Walkthrough: why "atomic" without "ordering" is not enough

This is a thought experiment that does not apply to Go directly (because Go's atomics are seq-cst), but it builds intuition.

Suppose we had atomic_relaxed operations that were indivisible but had no ordering guarantees:

// hypothetical relaxed atomic
cfg = build()
atomic_relaxed.StoreInt32(&ready, 1)

A consumer doing atomic_relaxed.LoadInt32(&ready) would never see a torn write — it always sees 0 or 1. But it might see ready=1 before it sees the new cfg. The relaxed atomic gives you indivisibility but not visibility ordering.

That is why acquire/release exist as a separate concept. Indivisibility (no torn reads) and ordering (no reordering across) are two different guarantees. Go's sync/atomic gives you both, always.

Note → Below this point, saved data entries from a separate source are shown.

(* Since n >= 7, the six rows i-1, ..., i+4 of G_{n,4} induce a copy of the
   grid P_6 x C_4 in which H_i^4 is the set of the four inner rows, and every
   neighbour of an inner vertex stays in the window; both claims are therefore
   statements about this grid.
   For the bound, the grid is bipartite, and the four vertices of one colour in
   the two middle rows can only be dominated by vertices of the other colour
   lying in H_i^4.  No single vertex dominates all four of them, because a
   vertex has at most one neighbour in any row other than its own; hence each
   colour class of H_i^4 contains two vertices of D.
   For the second claim, unique domination propagates along the window: if
   x_{i,k} is in D, unique domination of x_{i+1,k} and x_{i,k+1} leaves
   x_{i+2,k+2} as the only possible dominator of x_{i+1,k+2}, and unique
   domination of x_{i+2,k-1}, x_{i+2,k+1} then leaves x_{i+4,k} as the only
   possible dominator of x_{i+3,k}; the other direction follows by reflecting
   the grid.  So a vertex of row i-1 or i+4 dominated from H_i^4 is also
   dominated through one of the new edges of G_i^4. *)

Lemma cadjE n (a b : 'I_n) : cadj a b = (b == ordS a) || (a == ordS b).
Proof. by []. Qed.

Lemma cadj_sym n (a b : 'I_n) : cadj a b = cadj b a.
Proof. by rewrite /cadj orbC. Qed.

Lemma cadj_ordS n (a b : 'I_n) : cadj (ordS a) (ordS b) = cadj a b.
Proof. by rewrite !cadjE !(inj_eq (@ordS_inj n)). Qed.

Lemma cadj_iter_ordS n c (a b : 'I_n) :
  cadj (iter c (@ordS n) a) (iter c (@ordS n) b) = cadj a b.
Proof. by elim: c => //= c IHc; rewrite cadj_ordS. Qed.

Lemma val_iter_ordS n (a : 'I_n) k : iter k (@ordS n) a = (a + k) %% n :> nat.
Proof.
elim: k => [|k IHk]; first by rewrite addn0 modn_small.
by rewrite iterS /= IHk addnS -addn1 modnDml addn1.
Qed.

Lemma iter_ordS_inj n c : injective (iter c (@ordS n)).
Proof. by elim: c => [|c IHc] a b //= /ordS_inj /IHc. Qed.

Lemma odd_ordS n (a : 'I_n) : ~~ odd n -> odd (ordS a) = ~~ odd a.
Proof. by move=> /negbTE n_even; rewrite /= odd_mod. Qed.

Lemma gadj_sym n m (u v : 'I_n * 'I_m) : gadj u v = gadj v u.
Proof.
by rewrite /gadj cadj_sym [cadj u.1 _]cadj_sym [u.1 == _]eq_sym [u.2 == _]eq_sym.
Qed.

Definition uniquely_dominated (T : finType) (e : rel T) (A : pred T) (d : {set T}) :=
  forall x, A x -> #|[set u in d | e x u]| = 1.

Lemma unique_nbr_excl (T : finType) (e : rel T) (d : {set T}) x y z :
  #|[set u in d | e x u]| = 1 -> y \in d -> e x y -> e x z -> z != y -> z \notin d.
Proof.
move=> /eqP/cards1P[w Nx] dy xy xz; apply: contra => dz.
have: y \in [set w] by rewrite -Nx inE dy.
have: z \in [set w] by rewrite -Nx inE dz.
by rewrite !inE => /eqP-> /eqP->.
Qed.

Lemma unique_nbr_forced (T : finType) (e : rel T) (d : {set T}) x w (s : seq T) :
  #|[set u in d | e x u]| = 1 -> (forall y, e x y -> y \in w :: s) ->
  all (fun y => y \notin d) s -> w \in d.
Proof.
move=> /eqP/cards1P[y Nx] nbrs /allP s_d.
have: y \in [set u in d | e x u] by rewrite Nx set11.
rewrite inE => /andP[dy /nbrs]; rewrite inE => /orP[/eqP <- //|ys].
by rewrite (negbTE (s_d y ys)) in dy.
Qed.

Lemma uniquely_dominated_preimset (T : finType) (e : rel T) (A : pred T)
    (d : {set T}) (f : T -> T) :
  injective f -> (forall x y, e (f x) (f y) = e x y) -> (forall x, A (f x) = A x) ->
  uniquely_dominated e A d -> uniquely_dominated e A (f @^-1: d).
Proof.
move=> f_inj f_e f_A ud x Ax.
have -> : [set u in f @^-1: d | e x u] = f @^-1: [set u in d | e (f x) u].
  by apply/setP => u; rewrite !inE f_e.
by rewrite card_preimset // ud // f_A.
Qed.
(* The real and imaginary parts of a complex eigenvector of A. *)
Lemma symmetric_eigenvector (m : nat) (A : 'M[R]_m.+1) : A^T = A ->
  exists2 w : 'rV[R]_m.+1, w != 0 & exists a : R, w *m A = a *: w.
Proof.
move=> hA.
have [[a b] /eigenvalueP [v hv v0]] := eigenvalue_closed (map_mx (real_complex R) A) (ltn0Sn m).
pose x := \row_j complex.Re (v 0 j).
pose y := \row_j complex.Im (v 0 j).
have hent j : \sum_k v 0 k * ((A k j)%:C)%C = (a +i* b)%C * v 0 j.
  have := congr1 (fun M : 'M_(1, m.+1) => M 0 j) hv; rewrite /= !mxE => <-.
  by apply: eq_bigr => k _; rewrite mxE.
have hx : x *m A = a *: x - b *: y.
  apply/rowP => j; rewrite !mxE.
  have -> : a * complex.Re (v 0 j) - b * complex.Im (v 0 j)
    = complex.Re ((a +i* b)%C * v 0 j) by case: (v 0 j).
  rewrite -hent Re_sum; apply: eq_bigr => k _.
  by rewrite !mxE; case: (v 0 k) => p q /=; rewrite mulr0 subr0.
have hy : y *m A = a *: y + b *: x.
  apply/rowP => j; rewrite !mxE.
  have -> : a * complex.Im (v 0 j) + b * complex.Re (v 0 j)
    = complex.Im ((a +i* b)%C * v 0 j) by case: (v 0 j) => p q /=; ring.
  rewrite -hent Im_sum; apply: eq_bigr => k _.
  by rewrite !mxE; case: (v 0 k) => p q /=; rewrite mulr0 add0r.
have xy0 : ~ (x = 0 /\ y = 0).
  move=> [/rowP x0 /rowP y0]; move/eqP: v0; apply; apply/rowP => j; rewrite mxE.
  by have := x0 j; have := y0 j; rewrite !mxE; case: (v 0 j) => p q /= -> ->.
have [b0|//] := symmetric_rotation_trivial hA hx hy.
rewrite b0 scale0r subr0 in hx; rewrite b0 scale0r addr0 in hy.
have [x0|xn0] := eqVneq x 0; last by exists x => //; exists a.
by exists y; [apply/eqP => y0; apply: xy0 | exists a].
Qed.

End RealSymmetric.

Lemma ex_last_bounded (P : nat -> Prop) (N : nat) :
  P 0%N -> (forall k, P k -> (k <= N)%N) -> exists k, P k /\ ~ P k.+1.
Proof.
move=> P0 hb; apply: contrapT => hn.
have hall k : P k by elim: k => // k IH; apply: contrapT => hk; apply: hn; exists k.
by have := hb _ (hall N.+1); rewrite ltnn.
Qed.

Section FiniteDim.
Variables (R : realType) (V : vectType R) (ip : V -> V -> R).
Hypothesis hip : is_inner_product ip.

Lemma orthonormal_size_le_dim (k : nat) (e : 'I_k -> V) :
  is_orthonormal ip e -> (k <= \dim (fullv : {vspace V}))%N.
Proof.
move=> he; have hfree : free [tuple e i | i < k].
  apply/freeP => c hc i; have := congr1 (fun z => ip z (e i)) hc.
  rewrite /= ip0l //; under eq_bigr do rewrite nth_mktuple.
  by rewrite orthonormal_coef.
by move: hfree; rewrite /free size_tuple => /eqP <-; apply: dimvS; apply: subvf.
Qed.
Lemma exists_good_offer (X : finType) (P R : rel X) :
  ranking P -> proto_ranking R -> bridged P R -> ~ total_rel R ->
  exists x y, unranked R x y /\ ~~ bad_offer P R x y.
Proof.
move=> rkP prR brR ntot; have [[irP trP] toP] := rkP.
have [x0 [y0 t0]] := exists_tight irP trP toP prR ntot.
have [[x y] /= txy max_xy] :=
  @arg_maxnP _ (x0, y0) [pred p | tight P R p.1 p.2] (fun p => gap P p.1 p.2) t0.
have max_xy' x' y' : tight P R x' y' -> gap P x' y' <= gap P x y by apply: (max_xy (x', y')).
case/and3P: (txy) => Pxy Uxy nmiss; exists x, y; split => //.
rewrite bad_offer_oriented // negb_or nmiss; apply/takes_risk_orientedPn; split.
  exact: (max_tight_no_risk_a irP trP toP prR brR txy max_xy').
exact: (max_tight_no_risk_b rkP prR brR txy max_xy').
Qed.

Theorem proposition2 (X : finType) (P : rel X) :
  ranking P ->
  forall h : seq (X * X),
    history h ->
    ~ total_rel (current h) ->
    no_error P h ->
    exists x y : X,
      unranked (current h) x y /\ ~~ bad_offer P (current h) x y.
Proof.
move=> rkP h hist ntot nerr; have [[irP trP] toP] := rkP.
have [prR brR] : proto_ranking (current h) /\ bridged P (current h).
  by apply: (after_proto_ranking_bridged irP trP toP _ _ hist nerr).
exact: exists_good_offer rkP prR brR ntot.
Qed.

Walkthrough: the race detector and what it catches

var x int

func main() {
    go func() { x = 1 }()
    go func() { _ = x }()
    time.Sleep(time.Second)
}

Run go run -race main.go. You will see something like:

WARNING: DATA RACE
Write at 0x... by goroutine 7:
  main.main.func1()
      /tmp/r.go:6 +0x...
Previous read at 0x... by goroutine 8:
  main.main.func2()
      /tmp/r.go:7 +0x...

The race detector instruments every memory access and tracks the happens-before relation. A race is two accesses (one of them a write) with no happens-before edge between them.

Fix with an atomic:

var x int32

func main() {
    go func() { atomic.StoreInt32(&x, 1) }()
    go func() { _ = atomic.LoadInt32(&x) }()
    time.Sleep(time.Second)
}

Now there is a release-acquire pair (if the consumer happens to observe the write) or two unrelated accesses (if not). Either way, no race.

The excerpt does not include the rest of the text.